The first CLC (Computational Linguistics Community) event of the semester will be a talk on unsupervised learning of phrase structure. The talk will be at 4pm on November 15th and will take place as part of the new Neurolinguistics Reading group. All are welcome! Please see below for more details.

TITLE:
Unsupervised Latent Tree Induction with Deep Inside-Outside Recursive Auto-Encoders

AUTHORS:
Andrew Drozdov*, Pat Verga*, Mohit Yadav*, Mohit Iyyer, Andrew McCallum

ABSTRACT:
Syntax is a powerful abstraction for language understanding.
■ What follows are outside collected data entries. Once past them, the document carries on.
Section PotentialBounds.
Context {R : realType} {K : nat} (i0 : 'I_K) (r : 'I_K -> R) (Rm eta : R).
Hypothesis r_le : forall b, `|r b| <= Rm.

Lemma lb_objective_le th : 0 < eta -> lb_objective eta r th <= Rm.
Proof.
move=> eta_gt0; have := policy_value_norm_le i0 _ th _ r_le; rewrite ler_norml.
have ie_ge0 : 0 <= eta^-1 by rewrite invr_ge0 ltW.
have := ler_wpM2l ie_ge0 (log_barrier_le0 i0 th).
by rewrite /lb_objective mulr0 => ? /andP[_ ?]; lra.
Qed.

Lemma lb_objective0_ge : 1 <= eta -> - Rm - K%:R ^+ 2 <= lb_objective eta r (fun=> 0).
Proof.
move=> eta_ge1; have := policy_value_norm_le i0 _ (fun=> 0) _ r_le; rewrite ler_norml.
move=> /andP[J_ge _]; rewrite /lb_objective (log_barrier0 i0).
have K_ge1 : 1 <= K%:R :> R := ord_natr_ge1 i0.
have lnK_le : K%:R * ln K%:R <= K%:R ^+ 2 :> R.
  by rewrite expr2 ler_wpM2l // ltW // ln_sublinear //; lra.
have : 0 <= K%:R * ln K%:R :> R by rewrite mulr_ge0 ?ln_ge0 //; lra.
have ie_gt0 : 0 < eta^-1 by rewrite invr_gt0; lra.
have ie_le1 : eta^-1 <= 1 by rewrite invf_le1 //; lra.
rewrite mulrN; nra.
Qed.

End PotentialBounds.

Section Smoothness.
Context {R : realType} {K : nat} (i0 : 'I_K).
Variables (th d : 'I_K -> R) (del : R).
Hypotheses (d_le : forall b, `|d b| <= del) (del_le : del <= 1/2).

Let p := softmax th.
Let p_ge0 b : 0 <= p b. Proof. exact: softmax_ge0. Qed.
Let p_sum1 : \sum_(b < K) p b = 1. Proof. exact: softmax_sum1. Qed.

(* [D] is the factor by which the partition function grows and [u] the
   second-order remainder of [expR] at [d]. *)
Let D := \sum_(b < K) p b * expR (d b).
Let u b := expR (d b) - 1 - d b.

Let del_ge0 : 0 <= del. Proof. exact: le_trans (normr_ge0 _) (d_le i0). Qed.

Let u_bounds b : 0 <= u b <= 2 * del ^+ 2.
Proof.
have := d_le b; rewrite ler_norml => /andP[d_ge d_le'].
have d2_le : d b ^+ 2 <= del ^+ 2.
  by rewrite -real_normK ?num_real // ler_sqr ?nnegrE ?normr_ge0 // d_le.
have : d b <= 1/2 by have := del_le; lra.
move/expR_le1Dx_sqr; have := expR_ge1Dx (d b).
by rewrite /u => ? ?; apply/andP; split; lra.
Qed.

Let DB1 : D - 1 = \sum_(b < K) p b * d b + \sum_(b < K) p b * u b.
Proof.
rewrite -big_split -[X in _ - X]p_sum1 -sumrB /=.
by apply: eq_bigr => b _; rewrite /u; ring.
Qed.

Let DB1_le : `|D - 1| <= 2 * del.
Proof.
rewrite DB1 -big_split /=; under eq_bigr do rewrite -mulrDr.
apply: convex_comb_norm_le => // b; apply: le_trans (ler_normD _ _) _.
have /andP[u_ge0 u_le] := u_bounds b; rewrite (ger0_norm u_ge0).
have := d_le b; have := del_le; have := del_ge0; nra.
Qed.

Let D_ge : 1/2 <= D.
Proof.
apply: convex_comb_ge => // b; have := expR_ge1Dx (d b); have := d_le b.
by rewrite ler_norml => /andP[? _]; have := del_le; lra.
Qed.

Let D_gt0 : 0 < D. Proof. by have := D_ge; lra. Qed.

Lemma partition_fn_shift :
  partition_fn (fun b => th b + d b) = partition_fn th * D.
Proof.
rewrite /partition_fn /D mulr_sumr; apply: eq_bigr => b _.
have := partition_fn_gt0 i0 th; rewrite /partition_fn => Z_gt0.
by rewrite expRD /p /softmax; field; rewrite gt_eqF.
Qed.

Lemma softmax_shift b :
  softmax (fun b => th b + d b) b = p b * expR (d b) / D.
Proof.
rewrite [LHS]/softmax -/(partition_fn _) partition_fn_shift expRD /p /softmax.
have := partition_fn_gt0 i0 th; rewrite /partition_fn => Z_gt0.
by field; rewrite !gt_eqF.
Qed.

Lemma policy_value_shift_ge (r : 'I_K -> R) (Rm : R) :
  (forall b, `|r b| <= Rm) ->
  policy_value r th + \sum_(b < K) p b * (r b - policy_value r th) * d b
    - 16 * Rm * del ^+ 2 <= policy_value r (fun b => th b + d b).
Proof.
move=> r_le; set J := policy_value r th.
set P1 := \sum_(b < K) _; set U := \sum_(b < K) p b * (u b * (r b - J)).
have rJ_le b : `|r b - J| <= 2 * Rm.
  apply: le_trans (ler_normB _ _) _.
  by have := r_le b; have := policy_value_norm_le i0 _ th _ r_le; lra.
have U_le : `|U| <= 4 * Rm * del ^+ 2.
  apply: convex_comb_norm_le => // b; rewrite normrM.
  have /andP[u_ge0 u_le] := u_bounds b; rewrite (ger0_norm u_ge0).
  have := rJ_le b; have := normr_ge0 (r b - J); nra.
have P1_le : `|P1| <= 2 * Rm * del.
  rewrite /P1; under eq_bigr do rewrite -mulrA.
  apply: convex_comb_norm_le => // b; rewrite normrM.
  have := rJ_le b; have := d_le b.
  have := normr_ge0 (r b - J); have := normr_ge0 (d b); nra.
have centered : \sum_(b < K) p b * (r b - J) = 0.
  under eq_bigr do rewrite mulrBr.
  by rewrite sumrB -mulr_suml p_sum1 mul1r subrr.
have shiftE : policy_value r (fun b => th b + d b) = J + (P1 + U) / D.
  rewrite -[J](mulfK (_ : D != 0)); last by rewrite gt_eqF.
  rewrite -mulrDl /policy_value; under eq_bigr do rewrite softmax_shift.
  under eq_bigr do rewrite mulrAC; rewrite -mulr_suml; congr (_ / D).
  rewrite /D mulr_sumr /P1 /U -!big_split /=.
  apply/eqP; rewrite -subr_eq0 -sumrB; apply/eqP; rewrite -[RHS]centered.
  by apply: eq_bigr => b _; rewrite /u; ring.
rewrite shiftE.
suff : `|(P1 + U) / D - P1| <= 16 * Rm * del ^+ 2.
  by rewrite ler_norml => /andP[? _]; lra.
have -> : (P1 + U) / D - P1 = (U - P1 * (D - 1)) / D by field; rewrite gt_eqF.
rewrite normf_div (gtr0_norm D_gt0) ler_pdivrMr //.
apply: le_trans (ler_normB _ _) _; rewrite normrM.
have := ler_pM (normr_ge0 _) (normr_ge0 _) P1_le DB1_le.
have : 0 <= Rm * del ^+ 2 by have := normr_ge0 U; lra.
have := D_ge; nra.
Qed.

Lemma log_barrier_shift_ge :
  log_barrier th + \sum_(b < K) (1 - K%:R * p b) * d b - 2 * K%:R * del ^+ 2
    <= log_barrier (fun b => th b + d b).
Proof.
rewrite !(log_barrierE i0) partition_fn_shift.
rewrite lnM ?posrE ?(partition_fn_gt0 i0) ?D_gt0 //.
have lnD_le : ln D <= \sum_(b < K) p b * d b + 2 * del ^+ 2.
  rewrite -[D](subrKC 1) (le_trans (le_ln1Dx _)) //; first by have := D_ge; lra.
  rewrite DB1 lerD2l (le_trans (ler_norm _)) //.
  apply: convex_comb_norm_le => // b.
  by have /andP[u_ge0 u_le] := u_bounds b; rewrite ger0_norm.
have -> : \sum_(b < K) (1 - K%:R * p b) * d b
    = \sum_(b < K) d b - K%:R * \sum_(b < K) p b * d b.
  rewrite mulr_sumr -sumrB; apply: eq_bigr => b _; ring.
rewrite big_split /=; have : 0 <= K%:R :> R by []; nra.
Qed.

Lemma lb_objective_shift_ge (eta : R) (r : 'I_K -> R) (Rm : R) :
  1 <= eta -> (forall b, `|r b| <= Rm) ->
  lb_objective eta r th + \sum_(b < K) lb_grad eta r th b * d b
    - (16 * Rm + 2 * K%:R) * del ^+ 2
    <= lb_objective eta r (fun b => th b + d b).
Proof.
move=> eta_ge1 r_le; rewrite /lb_objective.
have := policy_value_shift_ge _ _ r_le; have := log_barrier_shift_ge.
have ie_gt0 : 0 < eta^-1 by rewrite invr_gt0; lra.
have ie_le1 : eta^-1 <= 1 by rewrite invf_le1 //; lra.
have -> : \sum_(b < K) lb_grad eta r th b * d b =
    \sum_(b < K) p b * (r b - policy_value r th) * d b
    + eta^-1 * \sum_(b < K) (1 - K%:R * p b) * d b.
  rewrite mulr_sumr -big_split /=; apply: eq_bigr => b _; rewrite /lb_grad /p; ring.
move=> lb_ge J_ge.
have := ler_wpM2l (ltW ie_gt0) lb_ge.
have : 0 <= (1 - eta^-1) * (2 * K%:R * del ^+ 2).
  by rewrite mulr_ge0 ?mulr_ge0 ?sqr_ge0 //; lra.
nra.
Qed.

End Smoothness.

Section GradientEstimate.
Context {R : realType} {K : nat} (i0 : 'I_K).
Implicit Types (th : 'I_K -> R) (x : R).

Definition grad_estimate (eta : R) th (a : 'I_K) x (b : 'I_K) : R :=
  ((a == b)%:R - softmax th b) * x + eta^-1 * (1 - K%:R * softmax th b).

Lemma lbsgb_stepE (alpha eta : R) th a x :
  lbsgb_step alpha eta th a x = (fun b => th b + alpha * grad_estimate eta th a x b).
Proof.
have softmax_rhat b : softmax th b * rhat th a x b = (a == b)%:R * x.
  rewrite /rhat mulrCA mulfV ?mulr1 ?(gt_eqF (softmax_gt0 i0 th b)) //.
  by case: (a == b); rewrite ?mul1r ?mul0r.
apply/funext => b; rewrite /lbsgb_step /grad_estimate softmax_rhat.
under eq_bigr do rewrite softmax_rhat.
rewrite (bigD1 a) //= eqxx mul1r big1 ?addr0; first by congr (_ + _ * _); ring.
by move=> c; rewrite eq_sym => /negbTE ->; rewrite mul0r.
Qed.

Lemma grad_estimate_norm_le (eta : R) th a x b (Rm : R) :
  1 <= eta -> `|x| <= Rm -> `|grad_estimate eta th a x b| <= Rm + K%:R.
Proof.
move=> eta_ge1 x_le; rewrite /grad_estimate.
have p_ge0 := softmax_ge0 i0 th b; have p_le1 := softmax_le1 i0 th b.
have K_ge1 : 1 <= K%:R :> R := ord_natr_ge1 i0.
have ie_gt0 : 0 < eta^-1 by rewrite invr_gt0; lra.
have ie_le1 : eta^-1 <= 1 by rewrite invf_le1 //; lra.
apply: le_trans (ler_normD _ _) _; apply: lerD; rewrite normrM.
- have : `|(a == b)%:R - softmax th b| <= 1.
    by rewrite ler_norml; case: (a == b) => /=; lra.
  by have := normr_ge0 x; have := normr_ge0 ((a == b)%:R - softmax th b); nra.
- have : `|1 - K%:R * softmax th b| <= K%:R by rewrite ler_norml; nra.
  by rewrite gtr0_norm //; have := normr_ge0 (1 - K%:R * softmax th b); nra.
Qed.

Lemma grad_estimate_unbiased (eta : R) th (v x : 'I_K -> R) :
  \sum_(a < K) softmax th a * \sum_(b < K) v b * grad_estimate eta th a (x a) b
    = \sum_(b < K) v b * lb_grad eta x th b.
Proof.
under eq_bigr do rewrite mulr_sumr.
rewrite exchange_big /=; apply: eq_bigr => b _.
set p := softmax th; set c := eta^-1 * (1 - K%:R * p b).
transitivity
  (v b * \sum_(a < K) (p a * x a * (a == b)%:R - p b * (p a * x a) + c * p a)).
  by rewrite mulr_sumr; apply: eq_bigr => a _; rewrite /grad_estimate /c /p; ring.
rewrite !big_split /= sumrN -!mulr_sumr (softmax_sum1 i0) (bigD1 b) //= eqxx big1.
  by rewrite /lb_grad /policy_value /c -/p /=; ring.
by move=> a /negbTE ->; rewrite mulr0.
Qed.

Lemma lb_grad_inner_affine (eta : R) th (v : 'I_K -> R) (k0 k1 : R) :
  exists (c0 : R) (c : 'I_K -> R), forall x : 'I_K -> R,
    k0 - k1 * \sum_(b < K) v b * lb_grad eta x th b = c0 + \sum_(a < K) c a * x a.
Proof.
set p := softmax th; set S := \sum_(b < K) v b * p b.
pose c b := eta^-1 * (1 - K%:R * p b).
exists (k0 - k1 * \sum_(b < K) v b * c b), (fun a => - k1 * p a * (v a - S)) => x.
set m := \sum_(a < K) p a * x a; set Sx := \sum_(b < K) v b * p b * x b.
have gradE : \sum_(b < K) v b * lb_grad eta x th b = Sx - S * m + \sum_(b < K) v b * c b.
  rewrite /S mulr_suml -sumrB -big_split /=; apply: eq_bigr => b _.
  by rewrite /lb_grad /policy_value -/p -/m /c; ring.
have coefE : \sum_(a < K) - k1 * p a * (v a - S) * x a = - k1 * (Sx - S * m).
  rewrite /Sx /m mulr_sumr -sumrB mulr_sumr; apply: eq_bigr => a _; ring.
by rewrite gradE coefE; ring.
Qed.

End GradientEstimate.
Many downstream tasks require segmenting input text into meaningful constituent chunks (e.g., noun phrases or entities); more generally, models for learning semantic representations of text benefit from integrating syntax in the form of parse trees (e.g., tree-LSTMs). Supervised parsers have traditionally been used to obtain these trees, but lately interest has increased in unsupervised methods that induce syntactic representations directly from unlabeled text. To this end, we propose the deep inside-outside recursive auto-encoder (DIORA), a fully-unsupervised method for discovering syntax that simultaneously learns representations for constituents within the induced tree. Unlike many prior approaches, DIORA does not rely on supervision from auxiliary downstream tasks and is thus not constrained to particular domains. Furthermore, competing approaches do not learn explicit phrase representations along with tree structures, which limits their applicability to phrase-based tasks. Extensive experiments on unsupervised parsing, segmentation, and phrase clustering demonstrate the efficacy of our method. DIORA achieves the state of the art in unsupervised parsing (48.7 F1) on the benchmark WSJ dataset.

LOCATION:
ILC N400

UMass Linguistics at NELS 49 at Cornell, October 5-7, 2018

UMass Linguistics was well represented at NELS 49 at Cornell. Cutting and pasting from the NELS website, I find:

The Reversible Core of ObjExp, Location, and Govern-Type Verbs.
Michael Wilson.
Besides Exceptives.
Ekaterina Vostrikova.
Phase Sensitive Morphology and Dependent Case.
Kimberly Johnson.
Don’t give me that attitude! Anti-De Se and Feature Matching of German D-Pronouns.
Alexander Göbel.
A secondary crossover effect in Hindi and the typology of movement.
Rajesh Bhatt and Stefan Keine.
Complementizers in Laz are attitude sensitive.
Omer Demirok, Deniz Ozyildiz and Balkiz Ozturk.
Romanian loves Me: Clitic Clusters, Ethics & Cyclic AGREE.
Rudmila-Rodica Ivan.

UMass Alum Maria Gouskova was one of the invited speakers. There were enough of us to justify a group picture.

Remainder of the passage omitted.